Dem logischen Empfinden spricht der Bruch Hohn, aber die Autorin hat auf die Ungereimtheit eine passende Antwort parat: „Wer weiß schon, wann ein Krieg wirklich beginnt?“ antwortet Sarah Kane auf die Frage, warum in den ersten Szenen ihres aufsehenerregenden Stückes Blasted nicht der Hauch eines wirklichen Krieges zu spüren ist, der dann plötzlich mit kaum vorstellbarer Grausamkeit über die Protagonisten einbricht. Denn treffen sich zu Beginn Ian und Cate noch in einem Luxushotel zu einem Tête-a-tête unter dem Stern gemeiner bürgerlicher Fehlvorstellungen, so tritt mit einer Granate und einem Soldaten eine Wirklichkeit in die scheußliche Privatheit, die wirkt, als sei sie von einer anderen Warte aus in die Geschichte gestartet und mehr zufällig hier angekommen.

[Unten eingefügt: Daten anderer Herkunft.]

Lemma open_in_Y_contains_strip U p0 : open_in_Y g u U -> U p0 ->
  exists x1 x2 c s, subset (strip x1 x2 c s) U /\ 3/4 < x1 < x2 /\ x2 <= 1 /\ 0 < s.
Proof.
  intros [HUY HUo] Hp0. destruct (HUo p0 Hp0) as [e [He Hball]].
  pose proof (HUY p0 Hp0) as HY. destruct p0 as [x0 th0].
  pose proof HY as [[[_ Hth0] _] Hx0]. simpl in *.
  assert (Hnear : forall x t, Rabs (x0 - x) < e -> 0 <= t <= e / 2 -> t < 1 ->
            distM (x0, th0) (x, frac_part (th0 + t)) < e).
  { intros x t Hx Ht Ht1. unfold distM. simpl. apply Rmax_lub_lt; [easy|].
    pose proof (distT_frac_shift th0 t ltac:(lra)). lra. }
  destruct (Rlt_le_dec x0 (15/16)) as [Hlow|Hhigh].
  - pose proof (Rmin_l e (15/16 - x0)). pose proof (Rmin_r e (15/16 - x0)).
    pose proof (Rmin_l (e / 2) (1/2)). pose proof (Rmin_r (e / 2) (1/2)).
    set (dl := Rmin e (15/16 - x0) / 4). set (s := Rmin (e / 2) (1/2)) in *.
    assert (0 < dl) by (apply Rdiv_lt_0_compat; [apply Rmin_pos|]; lra).
    assert (0 < s) by (apply Rmin_pos; lra).
    exists (x0 + dl), (x0 + 2 * dl), th0, s. split; [|unfold dl in *; lra].
    intros [x th] [Hx [t [Ht Eth]]]. simpl in *. subst th. apply Hball.
    + apply inY_lower_part; [unfold dl in *; lra | apply frac_part_range].
    + apply Hnear; unfold dl in *; [apply Rabs_lt_between|..]; lra.
  - pose proof (Rmin_l e (1/8)). pose proof (Rmin_r e (1/8)).
    set (dl := Rmin e (1/8) / 4).
    assert (0 < dl) by (apply Rdiv_lt_0_compat; [apply Rmin_pos|]; lra).
    exists (x0 - 2 * dl), (x0 - dl), th0, dl. split; [|unfold dl in *; lra].
    intros [x th] [Hx [t [Ht Eth]]]. simpl in *. subst th. apply Hball.
    + apply (inY_shift_left x0); [exact HY | ..]; unfold dl in *; lra.
    + apply Hnear; unfold dl in *; [apply Rabs_lt_between|..]; lra.
Qed.

Theorem first_return_map_exact : topologically_exact g u.
Proof.
  intros U HU [p0 Hp0].
  destruct (open_in_Y_contains_strip U p0 HU Hp0) as (x1 & x2 & c & s & HA & Hx & Hx2 & Hs).
  destruct (pow_unbounded (3/2) (x2 - x1)) as [N HN]; [lra | lra |].
  destruct (wide_right_strip_boundary U (proj1 HU) N (x2 - x1) HN)
    as (n & b & c' & s' & Hb & Hs' & HB).
  { exists 0%nat, x1, x2, c, s. split; [|lra].
    eapply subset_trans; [exact HA | apply (unreturned_of_Fiter U 0)]. }
  destruct (boundary_strip_spreads U (proj1 HU) n b c' s' Hb Hs' HB) as [c'' Hc''].
  destruct (pow_unbounded 4 (4 * s')) as [M HM]; [lra | lra |].
  apply (inner_strip_growth U (proj1 HU) M (S n) c'' (4 * s')); [lra | lra | easy].
Qed.

End Exactness.

(* The smallness of the derivatives of [u] is only used as [|x du/dx| <= 1] and
   [|du/dth| <= 1], so [eps = 1] works. *)
Theorem proposition2p3 :
  forall g : R, 0 < g ->
  forall c0 : R, 0 < c0 ->
  exists eps : R, 0 < eps /\
  forall u : R -> R -> R,
    C2_R2 u ->
    (forall x th, u x (th + 1) = u x th) ->
    (forall x th, 0 <= x <= 3/4 -> 0 < u x th) ->
    (forall th, u 0 th = c0) ->
    (forall x th, 0 <= x <= 3/4 -> x * (1 + rpow x g * u x th) <= 1) ->
    (forall x th v1 v2, 0 <= x <= 3/4 ->
       sqrt ((dfa g u x th * v1 + dfb g u x th * v2) ^ 2 + (4 * v2) ^ 2)
         >= sqrt (v1 ^ 2 + v2 ^ 2)) ->
    (forall th, f1 g u (3/4) th > 15/16) ->
    (forall x th, 0 <= x <= 3/4 -> Rabs (x * pdx u x th) <= eps) ->
    (forall x th, 0 <= x <= 3/4 -> Rabs (pdy u x th) <= eps) ->
    topologically_exact g u.
Proof.
  intros g Hg c0 _. exists 1. split; [lra|].
  intros u HC Hper Hpos _ Hle Hexp Hhigh Hdx Hdy.
  exact (first_return_map_exact g u Hg (proj1 HC) Hper Hpos Hle Hexp Hhigh Hdx Hdy).
Qed.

Nicht daß man das Rendezvous des schwer krebskranken Journalisten mit der kindlich-jungen Ex-Geliebten nicht unter der Metapher „Krieg“ verstehen könnte, aber während vor einer nächtlichen Vergewaltigung noch reichlich Essen und äußere Umstände der normalen Art vorhanden sind, tritt der Soldat mit einer Verrohung und einem Hunger ein, daß er schließlich die Augen Ians aus ihren Höhlen saugt und ißt. Ist ja auch lecker!

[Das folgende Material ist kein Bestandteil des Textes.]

(* Let $h'_1,h'_2,l'_1,l'_2,\alpha'_1,\alpha'_2,\beta'\in\mathbb{C}$ and assume that $N:=(h'_1-h'_2-l'_1+l'_2+\alpha'_1-\alpha'_2+\beta'-2)/2$ is a non-negative integer and $\beta'\notin\{1,\dots,N\}$. Let $c_n(E')$ $(n=0,\dots,N)$ and $c(E')$ be the polynomials of the context constructed from the parameters $h''_1=l'_1,\ l''_1=h'_1,\ h''_2=h'_2,\ l''_2=l'_2,\ \alpha''_1=\alpha'_1,\ \alpha''_2=\alpha'_2,\ \beta''=\beta'$ (with this $N$), and let $E'_0$ satisfy $c(E'_0)=0$. Then the functions $$h_1(s)=s^{(h'_1+h'_2-l'_1-l'_2-\alpha'_1-\alpha'_2-\beta'+2)/2}\frac{(s/(q^{l'_1-1/2}t_1);q)_\infty}{(s/(q^{h'_1-1/2}t_1);q)_\infty}\sum_{n=0}^{N}c_n(E'_0)s^{n},$$ $$h_2(s)=s^{-\alpha'_2-N}\frac{(q^{h'_1+1/2}t_1/s;q)_\infty}{(q^{l'_1+1/2}t_1/s;q)_\infty}\sum_{n=0}^{N}c_n(E'_0)s^{n}$$ satisfy $A^{\langle4\rangle}(s;h'_1,h'_2,l'_1,l'_2,\alpha'_1,\alpha'_2,\beta')h_i(s)=E'_0h_i(s)$ for $i=1,2$.
   Context: $q\in\mathbb{C}$ with $0<|q|<1$; powers $q^a$ via a fixed branch of $\log q$, and $s^{a}$ a fixed branch with $(qs)^a=q^as^a$. $(a;q)_\infty=\prod_{k\ge0}(1-aq^k)$, $(a;q)_n=(a;q)_\infty/(aq^n;q)_\infty$ for $n\in\mathbb{Z}$, $(a_1,\dots,a_m;q)_n=\prod_i(a_i;q)_n$. $t_1,t_2$ are fixed non-zero constants; $T_s^{\pm1}g(s)=g(q^{\pm1}s)$ and $A^{\langle 4\rangle}(s;h_1,h_2,l_1,l_2,\alpha_1,\alpha_2,\beta)=s^{-1}(s-q^{h_1+1/2}t_1)(s-q^{h_2+1/2}t_2)T_s^{-1}+q^{\alpha_1+\alpha_2}s^{-1}(s-q^{l_1-1/2}t_1)(s-q^{l_2-1/2}t_2)T_s-\{(q^{\alpha_1}+q^{\alpha_2})s+q^{(h_1+h_2+l_1+l_2+\alpha_1+\alpha_2)/2}(q^{\beta/2}+q^{-\beta/2})t_1t_2s^{-1}\}$. Polynomials: given $(h''_1,h''_2,l''_1,l''_2,\alpha''_1,\alpha''_2,\beta'')$ and $N$, put $\lambda''_1=(h''_1+h''_2-l''_1-l''_2-\alpha''_1-\alpha''_2-\beta''+2)/2$, $x''_n=t_1t_2q^{1-n+h''_1+h''_2-\lambda''_1}(1-q^{n})(1-q^{n-\beta''})$, $y''_n=q^{3/2-n-\lambda''_1}(q^{h''_1}t_1+q^{h''_2}t_2)+q^{n-3/2+\lambda''_1+\alpha''_1+\alpha''_2}(q^{l''_1}t_1+q^{l''_2}t_2)$, $z''_n=q^{2-n-\lambda''_1}(1-q^{n-2+\lambda''_1+\alpha''_1})(1-q^{n-2+\lambda''_1+\alpha''_2})$; $c_{-1}=0$, $c_0=1$, $c_n(E'')x''_n=c_{n-1}(E'')(E''+y''_n)-c_{n-2}(E'')z''_n$ ($1\le n\le N$), $c(E'')=x''_1\cdots x''_N[c_N(E'')(E''+y''_{N+1})-c_{N-1}(E'')z''_{N+1}]$. *)

From Stdlib Require Import Reals.
From Coquelicot Require Export Coquelicot.
Open Scope C_scope.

Aber Spaß beiseite: Das Stück, mit dem Sarah Kane als 23jährige schlagartig berühmt wurde und das diese Saison von sechs deutschen Stadttheatern nachgespielt wird, besitzt überhaupt kein Augenzwinkern mehr, kein hoffnungsvolles Atemholen mit dem Ansatz eines Lächelns. Zwei menschliche Ruinen – Ian, ein Rassist, Feigling, Sensations-Journalist, Vergewaltiger, und der Soldat, der nach der Niedermetzelung seiner Frau jedes Maß der Grausamkeit verloren hat – treffen auf die naive, schüchterne Selbstbestimmtheit eines Mädchens, Cate, das sowohl über Prinzipien wie auch über ein positives Menschenbild verfügt und sich in epileptische Anfälle flüchtet, wenn die Brutalität – verbal oder körperlich – zu groß wird.

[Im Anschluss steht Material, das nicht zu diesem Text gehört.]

Lemma teval_graded_prods f g (F1 F2 : A -> A -> A) Q1 Q2 ta tb : lin f -> lin g ->
  (forall S x y, uniq S -> {subset supp x <= S} -> {subset supp y <= S} ->
     F1 x y = graded_prod Q1 S x y) ->
  (forall S x y, uniq S -> {subset supp x <= S} -> {subset supp y <= S} ->
     F2 x y = graded_prod Q2 S x y) ->
  \sum_(u <- ta) \sum_(v <- tb) f (F1 u.1 v.1) * g (F2 u.2 v.2) =
  \sum_(b1 <- tdegs (ta ++ tb)) \sum_(b2 <- tdegs (ta ++ tb))
  \sum_(c1 <- tdegs (ta ++ tb)) \sum_(c2 <- tdegs (ta ++ tb) | Q1 b1 b2 && Q2 c1 c2)
     teval f g (tmul (tmap2 (pi b1) (pi c1) ta) (tmap2 (pi b2) (pi c2) tb)).
Proof.
move=> hf hg F1E F2E; set S := tdegs (ta ++ tb).
have expand x y x' y' : f (graded_prod Q1 S x y) * g (graded_prod Q2 S x' y') =
  \sum_(b1 <- S) \sum_(b2 <- S) \sum_(c1 <- S) \sum_(c2 <- S | Q1 b1 b2 && Q2 c1 c2)
     f (pi b1 x * pi b2 y) * g (pi c1 x' * pi c2 y').
  rewrite (lin_sum hf) mulr_suml; apply: eq_bigr => b1 _.
  rewrite (lin_sum hf) mulr_suml big_mkcond; apply: eq_bigr => b2 _ /=.
  case: (Q1 b1 b2); last by rewrite big1 // => c1 _; rewrite big_pred0_eq.
  by rewrite (lin_sum hg) mulr_sumr; apply: eq_bigr => c1 _; rewrite (lin_sum hg) mulr_sumr.
transitivity (\sum_(u <- ta) \sum_(v <- tb)
                f (graded_prod Q1 S u.1 v.1) * g (graded_prod Q2 S u.2 v.2)).
  apply: eq_big_seq => u ut; apply: eq_big_seq => v vt.
  have uS : u \in ta ++ tb by rewrite mem_cat ut.
  have vS : v \in ta ++ tb by rewrite mem_cat vt orbT.
  rewrite (F1E _ _ _ (degs_uniq _) (tdegs_l uS) (tdegs_l vS)).
  by rewrite (F2E _ _ _ (degs_uniq _) (tdegs_r uS) (tdegs_r vS)).
under eq_bigr => u _ do under eq_bigr => v _ do rewrite expand.
rewrite big_exchange3; apply: eq_bigr => b1 _; rewrite big_exchange3; apply: eq_bigr => b2 _.
rewrite big_exchange3; apply: eq_bigr => c1 _; rewrite big_exchange3; apply: eq_bigr => c2 _.
by rewrite teval_mul big_map; apply: eq_bigr => u _; rewrite big_map.
Qed.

Diese Szenerie entwickelt Kane in der Form knappster Dialoge, die kalt, ungeschönt und im Rhythmus alltäglicher Verlorenheit voreinander weglaufen. So ornamentlos entsteht eine Dokumentation von Kriegswirklichkeit – in diesem Fall von beiden Kriegen, dem persönlichen und dem tödlichen –, deren Kunst in der Genauigkeit der Beobachtung und der Skizzierung von Herzensabgründen mit wenigen Buchstaben besteht.

Regisseur Anselm Weber und Bühnenbildner Raimund Bauer haben dafür eine Szenerie entwickelt, die sowohl die klaustrophobische Situation der Szene wie die Beteiligung des Voyeurs/Zuschauers dokumentiert: Das Publikum sitzt am oberen Kulissenrand aller vier Seiten und sieht durch die fehlende Decke hinunter auf das Unfaßbare, gleichzeitig hat der Betrachter sich als Betrachter im Gegenüber immer im Blick.

Zerbombt, so der deutsche Titel, ist der erste Teil einer Kriegs-Trilogie und wird gespielt von Inka Friedrich, Markus Boysen und Robert Gallinowski.